I think that the actual issue that Christians struggle with concerning predestination is what follows should this argument be taken to its logical conclusion: That sometimes, God does interfere with the timeline, and does tell people what is going to happen in the future. Following that, events happen exactly as they are described. The reason why Christians struggle with this is obvious: How can you claim to have free will if God tells you what you are going to do, freely, and you cannot possibly make things happen another way?
Personally, I don't have a problem with this either. Suppose God does tell you about the future. In this case, I feel inclined to believe that it would be inconsequential whether or not God told you about the future. In this scenario, I subscribe to the belief that it would be safe for God to let you know what you are going to do if God were certain that it wouldn't affect the outcome. I like to imagine playing around with an Excel spreadsheet in order to figure out what would happen in certain situations. Suppose God is playing with a cosmic spreadsheet and figures that nothing would change regardless of whether or not He told you about the future. God can then make a choice about whether or not to tell you, without any adverse consequence. The two possible resulting timelines would of course need to be extremely close to one another to make God's decision to interfere inconsequential.

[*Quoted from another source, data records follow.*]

Lemma valid_arrangement_cons (n : Z) (P : poly) (Ps : list poly) :
  valid_arrangement n (P :: Ps) <->
  fits n P /\ Forall (disjoint P) Ps /\ valid_arrangement n Ps.
Proof.
  split.
  - intros [Hfit Hdisj]. split; [|split; [|split]].
    + exact (Hfit P (or_introl eq_refl)).
    + apply Forall_forall. intros Q HQ z HPz HQz.
      destruct (In_nth Ps Q empty_poly HQ) as (k & Hk & HkQ).
      apply (Hdisj 0%nat (S k) ltac:(lia) ltac:(simpl; lia) ltac:(simpl; lia) z).
      simpl. rewrite HkQ. auto.
    + intros Q HQ. apply Hfit. right. exact HQ.
    + intros i j Hij Hi Hj. apply (Hdisj (S i) (S j)); simpl; lia.
  - intros (HPfit & HPdisj & HPsfit & HPsdisj). rewrite Forall_forall in HPdisj. split.
    + intros Q [<- | HQ]; [exact HPfit | exact (HPsfit Q HQ)].
    + intros [|i] [|j] Hij Hi Hj z [Hzi Hzj]; simpl in *.
      * lia.
      * apply (HPdisj (nth j Ps empty_poly)) with z; [apply nth_In; lia | exact Hzi | exact Hzj].
      * apply (HPdisj (nth i Ps empty_poly)) with z; [apply nth_In; lia | exact Hzj | exact Hzi].
      * apply (HPsdisj i j ltac:(lia) ltac:(lia) ltac:(lia) z). auto.
Qed.

Lemma valid_arrangement_iff (n : Z) (Ps : list poly) :
  valid_arrangement n Ps <-> Forall (fits n) Ps /\ ForallOrdPairs disjoint Ps.
Proof.
  induction Ps as [|P Ps IH].
  - split; [split; constructor | intros _; apply valid_arrangement_nil].
  - rewrite valid_arrangement_cons, IH, Forall_cons_iff. split.
    + intros (HP & Hdisj & HPs & Hpairs). split; [split | constructor]; assumption.
    + intros [[HP HPs] Hpairs]. inversion Hpairs. auto.
Qed.

Lemma valid_arrangement_snoc (n : Z) (Ps : list poly) (Q : poly) :
  valid_arrangement n (Ps ++ [Q]) <->
  valid_arrangement n Ps /\ fits n Q /\ Forall (disjoint Q) Ps.
Proof.
  induction Ps as [|P Ps IH]; simpl.
  - rewrite valid_arrangement_cons.
    pose proof (valid_arrangement_nil n). intuition.
  - rewrite !valid_arrangement_cons, IH, Forall_app, !Forall_cons_iff.
    intuition (auto using disjoint_sym).
Qed.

Of course, God can also choose to not tell you what He knows will happen in the future.
In both of the above situations, you can still claim to have had the free will to do whatever you please, and you are therefore responsible for your own actions.
Well, that is why I personally don't struggle with the implications of predestination. I suppose I would start to struggle if I were to consider what would happen if God knew the future, knew that disseminating that information would in fact change the timeline in some way not related to the revelation, and then proceed to go ahead and disseminate that information. I suppose I shall leave that scenario as an open question - what do you think? In this scenario, God is purposefully changing the future by informing people about it, either for our benefit or for His. Would that be cheating?